▶ _Data for analysis_:

(* Let $n,m\in\mathbb{N}_0$. Then $L_n^{(m)}(2+\sqrt2)=0$, or $L_n^{(m)}(2-\sqrt2)=0$, if and only if $n=2$ and $m=0$.
   Context: Generalized Laguerre polynomials: $L_n^{(\alpha)}(x)=\sum_{j=0}^n(-1)^j\binom{n+\alpha}{n-j}\frac{x^j}{j!}$. *)

From mathcomp Require Import all_boot all_order all_algebra.
From mathcomp Require Import reals.
Set Implicit Arguments. Unset Strict Implicit. Unset Printing Implicit Defensive.
Import Order.TTheory GRing.Theory Num.Theory.
Local Open Scope ring_scope.

Definition laguerre {R : realType} (n m : nat) (x : R) : R :=
  \sum_(j < n.+1) (-1) ^+ j * ('C(n + m, n - j))%:R * x ^+ j / (j`!)%:R.

From mathcomp Require Import all_boot all_order all_algebra.
From mathcomp Require Import reals.
From mathcomp Require Import ring zify.
Set Implicit Arguments. Unset Strict Implicit. Unset Printing Implicit Defensive.
Import Order.TTheory GRing.Theory Num.Theory.
Local Open Scope ring_scope.

(* Clearing denominators, n! L_n^(m)(x) = sum_j (-1)^j C(n, j) (n+m)^_(n-j) x^j:
   the top coefficient is 1, the next one is n (n+m), and all the others are
   divisible by (n+m)(n+m-1), hence by an odd p > 1 as soon as n + m > 2.
   If x = 2 + r with r^2 = 2 were a root (n >= 1), x^(n-1) (n (n+m) - x) would
   lie in p Z[r]; multiplying by the conjugate power (2 - r)^(n-1) turns it into
   2^(n-1) (n (n+m) - 2 - r), so p would divide 2^(n-1).  The remaining
   polynomials are 1, m + 1 - x and L_2^(0)(x) = (x^2 - 4x + 2) / 2, and only the
   last one vanishes at some 2 + r; r = sqrt 2 and r = -sqrt 2 give both points. *)

Lemma sqrn_double_eq0 (a b : nat) : (a ^ 2 = 2 * b ^ 2)%N -> b = 0%N.
Proof.
case: b => [//|b] eq_ab.
have a_gt0 : (0 < a)%N by case: a eq_ab => [|a] //=; rewrite expnS; lia.
have := congr1 (logn 2) eq_ab.
rewrite lognM ?expn_gt0 // !lognX (_ : logn 2 2 = 1%N) //; lia.
Qed.

Lemma sqrz_double_eq0 (a b : int) : a ^+ 2 = 2 * b ^+ 2 -> b = 0.
Proof.
move=> eq_ab; apply/eqP; rewrite -absz_eq0; apply/eqP/(@sqrn_double_eq0 (absz a)).
by rewrite -!abszX -[2%N]/(absz 2) -abszM eq_ab.
Qed.

Section IntegersAdjoinSqrt2.
Variables (R : numDomainType) (r : R).
Hypothesis r2 : r ^+ 2 = 2.

Lemma intr_sqrt2_coef_eq0 (a b : int) : a%:~R + b%:~R * r = 0 -> b = 0.
Proof.
move=> /eqP; rewrite addr_eq0 => /eqP a_eq.
apply: (@sqrz_double_eq0 a); apply: (@intr_inj R).
by rewrite [in RHS]intrM !rmorphXn /= a_eq sqrrN exprMn r2 mulrC.
Qed.

Definition in_Zsqrt2 (z : R) : Prop := exists a b : int, z = a%:~R + b%:~R * r.

Lemma in_Zsqrt2_nat (k : nat) : in_Zsqrt2 k%:R.
Proof. by exists k, 0; rewrite mul0r addr0. Qed.

Lemma in_Zsqrt2N x : in_Zsqrt2 x -> in_Zsqrt2 (- x).
Proof. by move=> [a [b ->]]; exists (- a), (- b); rewrite !rmorphN /=; ring. Qed.

Lemma in_Zsqrt2D x y : in_Zsqrt2 x -> in_Zsqrt2 y -> in_Zsqrt2 (x + y).
Proof.
move=> [a [b ->]] [c [d ->]]; exists (a + c), (b + d).
rewrite !rmorphD /=; ring.
Qed.

Lemma in_Zsqrt2M x y : in_Zsqrt2 x -> in_Zsqrt2 y -> in_Zsqrt2 (x * y).
Proof.
move=> [a [b ->]] [c [d ->]]; exists (a * c + 2 * b * d), (a * d + b * c).
rewrite !rmorphD !rmorphM /= -[2%:~R]r2; ring.
Qed.

Lemma in_Zsqrt2X x k : in_Zsqrt2 x -> in_Zsqrt2 (x ^+ k).
Proof.
move=> Zx; elim: k => [|k IHk]; first exact: (in_Zsqrt2_nat 1).
by rewrite exprS; apply: in_Zsqrt2M.
Qed.

Lemma in_Zsqrt2_dvdz (p a b : int) (y : R) :
  in_Zsqrt2 y -> a%:~R + b%:~R * r = p%:~R * y -> (p %| b)%Z.
Proof.
move=> [c [d ->]] eq_ab; apply/dvdzP; exists d; apply/eqP; rewrite -subr_eq0.
apply/eqP/(@intr_sqrt2_coef_eq0 (a - c * p)).
rewrite !rmorphB !rmorphM /= -[RHS](subrr (a%:~R + b%:~R * r)) {2}eq_ab; ring.
Qed.

Lemma in_Zsqrt2_signed_sum_dvdn (p k : nat) (c : nat -> nat) (x : R) :
  in_Zsqrt2 x -> (forall j, (j < k)%N -> (p %| c j)%N) ->
  exists2 y, in_Zsqrt2 y & \sum_(j < k) (-1) ^+ j * (c j)%:R * x ^+ j = p%:R * y.
Proof.
move=> Zx dvd_c.
exists (\sum_(j < k) (-1) ^+ j * (c j %/ p)%:R * x ^+ j).
  apply: (big_ind in_Zsqrt2); [exact: (in_Zsqrt2_nat 0) | exact: in_Zsqrt2D |].
  move=> j _; apply: in_Zsqrt2M; last exact: in_Zsqrt2X.
  by apply/in_Zsqrt2M/in_Zsqrt2_nat/in_Zsqrt2X/in_Zsqrt2N/(in_Zsqrt2_nat 1).
rewrite mulr_sumr; apply: eq_bigr => j _.
by rewrite -{1}(divnK (dvd_c j (ltn_ord j))) natrM; ring.
Qed.

Lemma conj_sqrt2_expr k : (2 - r) ^+ k * (2 + r) ^+ k = 2 ^+ k.
Proof. by rewrite -exprMn; congr (_ ^+ _); rewrite -subr_sqr r2; ring. Qed.

Lemma expr_mul_sub_neq_odd_mul (p k c : nat) (y : R) :
  odd p -> (1 < p)%N -> in_Zsqrt2 y ->
  (2 + r) ^+ k * (c%:R - (2 + r)) != p%:R * y.
Proof.
move=> odd_p p_gt1 Zy; apply/eqP => eq_py.
have Zy' : in_Zsqrt2 ((2 - r) ^+ k * y).
  by apply/in_Zsqrt2M/Zy/in_Zsqrt2X; exists 2, (-1); rewrite mulN1r.
have : (p%:Z %| - (2 ^+ k))%Z.
  apply: (@in_Zsqrt2_dvdz _ (2 ^+ k * (c%:Z - 2)) _ _ Zy').
  rewrite mulrCA -eq_py mulrA conj_sqrt2_expr.
  by rewrite rmorphN rmorphM rmorphB /= !rmorphXn /=; ring.
rewrite dvdzE abszN abszX /= => dvd_p2k.
have : coprime p (2 ^ k) by rewrite coprimeXr ?coprimen2.
by rewrite /coprime (gcdn_idPl dvd_p2k) => /eqP p1; rewrite p1 in p_gt1.
Qed.

End IntegersAdjoinSqrt2.

Definition laguerre_coef (n m j : nat) : nat := ('C(n, j) * (n + m) ^_ (n - j))%N.

Lemma fact_mul_bin_laguerre_coef (n m j : nat) : (j <= n)%N ->
  (n`! * 'C(n + m, n - j) = laguerre_coef n m j * j`!)%N.
Proof.
move=> le_jn; apply/eqP; rewrite -(eqn_pmul2r (fact_gt0 (n - j))); apply/eqP.
by rewrite -mulnA bin_ffact /laguerre_coef -(bin_fact le_jn); ring.
Qed.

Lemma fact_mul_laguerre (R : realType) (n m : nat) (x : R) :
  n`!%:R * laguerre n m x = \sum_(j < n.+1) (-1) ^+ j * (laguerre_coef n m j)%:R * x ^+ j.
Proof.
rewrite /laguerre mulr_sumr; apply: eq_bigr => j _.
have fact_neq0 : (j`!)%:R != 0 :> R by rewrite pnatr_eq0 -lt0n fact_gt0.
have scaled_coef : n`!%:R * 'C(n + m, n - j)%:R = (laguerre_coef n m j)%:R * j`!%:R :> R.
  by rewrite -!natrM fact_mul_bin_laguerre_coef // -ltnS.
apply: (mulIf fact_neq0); rewrite mulrCA !mulrA divfK //.
transitivity ((-1) ^+ j * x ^+ j * (n`!%:R * 'C(n + m, n - j)%:R)); first by ring.
by rewrite scaled_coef; ring.
Qed.

Lemma laguerre_coef_diag (n m : nat) : laguerre_coef n m n = 1%N.
Proof. by rewrite /laguerre_coef binn subnn ffactn0. Qed.

Lemma dvdn_laguerre_coef (n m j : nat) : (j.+2 <= n)%N ->
  ((n + m) * (n + m).-1 %| laguerre_coef n m j)%N.
Proof.
move=> le_j2n; apply: dvdn_mull.
have -> : (n - j = (n - j).-2.+2)%N by lia.
by rewrite !ffactnS mulnA dvdn_mulr.
Qed.

Lemma odd_dvdn_mul_pred (N : nat) : (2 < N)%N ->
  exists p, [/\ odd p, (1 < p)%N & (p %| N * N.-1)%N].
Proof.
move=> N_gt2; case: (boolP (odd N)) => [odd_N | even_N].
  by exists N; split; rewrite ?dvdn_mulr //; lia.
exists N.-1; split; rewrite ?dvdn_mull //; first by case: N N_gt2 even_N => [|N] //= _ /negPn.
lia.
Qed.

Lemma laguerre_2addr_eq0 (R : realType) (r : R) (n m : nat) :
  r ^+ 2 = 2 -> laguerre n m (2 + r) = 0 -> n = 2%N /\ m = 0%N.
Proof.
move=> r2 L0; set x := 2 + r.
have := fact_mul_laguerre n m x; rewrite L0 mulr0 => /esym; clear L0.
case: n => [|k]; first by rewrite big_ord1 laguerre_coef_diag !expr0 !mul1r => /eqP; rewrite oner_eq0.
have [[-> ->] // | [-> | gt_N2]] : (k = 1 /\ m = 0 \/ k = 0 \/ 2 < k.+1 + m)%N by lia.
  rewrite !big_ord_recr big_ord0 /= laguerre_coef_diag => sum0.
  have /(intr_sqrt2_coef_eq0 r2) // : ((laguerre_coef 1 m 0)%:Z - 2)%:~R + (-1)%:~R * r = 0 :> R.
  by rewrite -[RHS]sum0 rmorphB /= -pmulrn /x; ring.
rewrite !big_ord_recr /= laguerre_coef_diag mulr1.
set b := laguerre_coef k.+1 m k; set low := \sum_(i < k) _.
move=> /eqP; rewrite -addrA addr_eq0 => /eqP low_eq.
have [p [odd_p p_gt1 p_dvd]] := odd_dvdn_mul_pred gt_N2.
have [y Zy low_py] : exists2 y, in_Zsqrt2 r y & low = p%:R * y.
  apply: (in_Zsqrt2_signed_sum_dvdn r2); first by exists 2, 1; rewrite mul1r.
  by move=> j lt_jk; apply: dvdn_trans p_dvd (@dvdn_laguerre_coef k.+1 m j lt_jk).
have Zsign_y : in_Zsqrt2 r ((-1) ^+ k.+1 * y).
  by apply/(in_Zsqrt2M r2)/Zy/in_Zsqrt2X/in_Zsqrt2N/(in_Zsqrt2_nat r 1).
have sign_sq : (-1) ^+ k * (-1) ^+ k = 1 :> R by rewrite -exprMn mulrNN mulr1 expr1n.
have top : x ^+ k * (b%:R - x) = p%:R * ((-1) ^+ k.+1 * y).
  by rewrite mulrCA -low_py low_eq !exprS -[LHS]mul1r -{1}sign_sq; ring.
by have := expr_mul_sub_neq_odd_mul r2 k b odd_p p_gt1 Zsign_y; rewrite top eqxx.
Qed.

Lemma laguerre_2_0 (R : realType) (x : R) : laguerre 2 0 x = (x ^+ 2 - 4 * x + 2) / 2.
Proof.
rewrite /laguerre !big_ord_recr big_ord0 /=.
rewrite (_ : 'C(2 + 0, 2 - 0) = 1%N) // (_ : 'C(2 + 0, 2 - 1) = 2%N) //.
rewrite (_ : 'C(2 + 0, 2 - 2) = 1%N) // (_ : 0`! = 1%N) // (_ : 1`! = 1%N) // (_ : 2`! = 2%N) //.
by field.
Qed.

Theorem proposition3 (R : realType) (n m : nat) :
  (laguerre n m (2 + Num.sqrt (2 : R)) = 0 \/ laguerre n m (2 - Num.sqrt (2 : R)) = 0)
  <-> (n = 2%N /\ m = 0%N).
Proof.
have sqrt2_sq : Num.sqrt (2 : R) ^+ 2 = 2 by rewrite sqr_sqrtr // ler0n.
have opp_sqrt2_sq : (- Num.sqrt (2 : R)) ^+ 2 = 2 by rewrite sqrrN.
split.
  by case; [exact: (laguerre_2addr_eq0 sqrt2_sq) | exact: (laguerre_2addr_eq0 opp_sqrt2_sq)].
move=> [-> ->]; left; rewrite laguerre_2_0.
have -> : (2 + Num.sqrt 2) ^+ 2 - 4 * (2 + Num.sqrt 2) + 2 = 0 :> R.
  by rewrite sqrrD sqrt2_sq; ring.
by rewrite mul0r.
Qed.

▶ _Work request_:
Exactly as they appear, retype the lines from the start of the records through the line containing "nat) (x : R) : R".

▶ _Output of the task_:
(* Let $n,m\in\mathbb{N}_0$. Then $L_n^{(m)}(2+\sqrt2)=0$, or $L_n^{(m)}(2-\sqrt2)=0$, if and only if $n=2$ and $m=0$.
   Context: Generalized Laguerre polynomials: $L_n^{(\alpha)}(x)=\sum_{j=0}^n(-1)^j\binom{n+\alpha}{n-j}\frac{x^j}{j!}$. *)

From mathcomp Require Import all_boot all_order all_algebra.
From mathcomp Require Import reals.
Set Implicit Arguments. Unset Strict Implicit. Unset Printing Implicit Defensive.
Import Order.TTheory GRing.Theory Num.Theory.
Local Open Scope ring_scope.

Definition laguerre {R : realType} (n m : nat) (x : R) : R :=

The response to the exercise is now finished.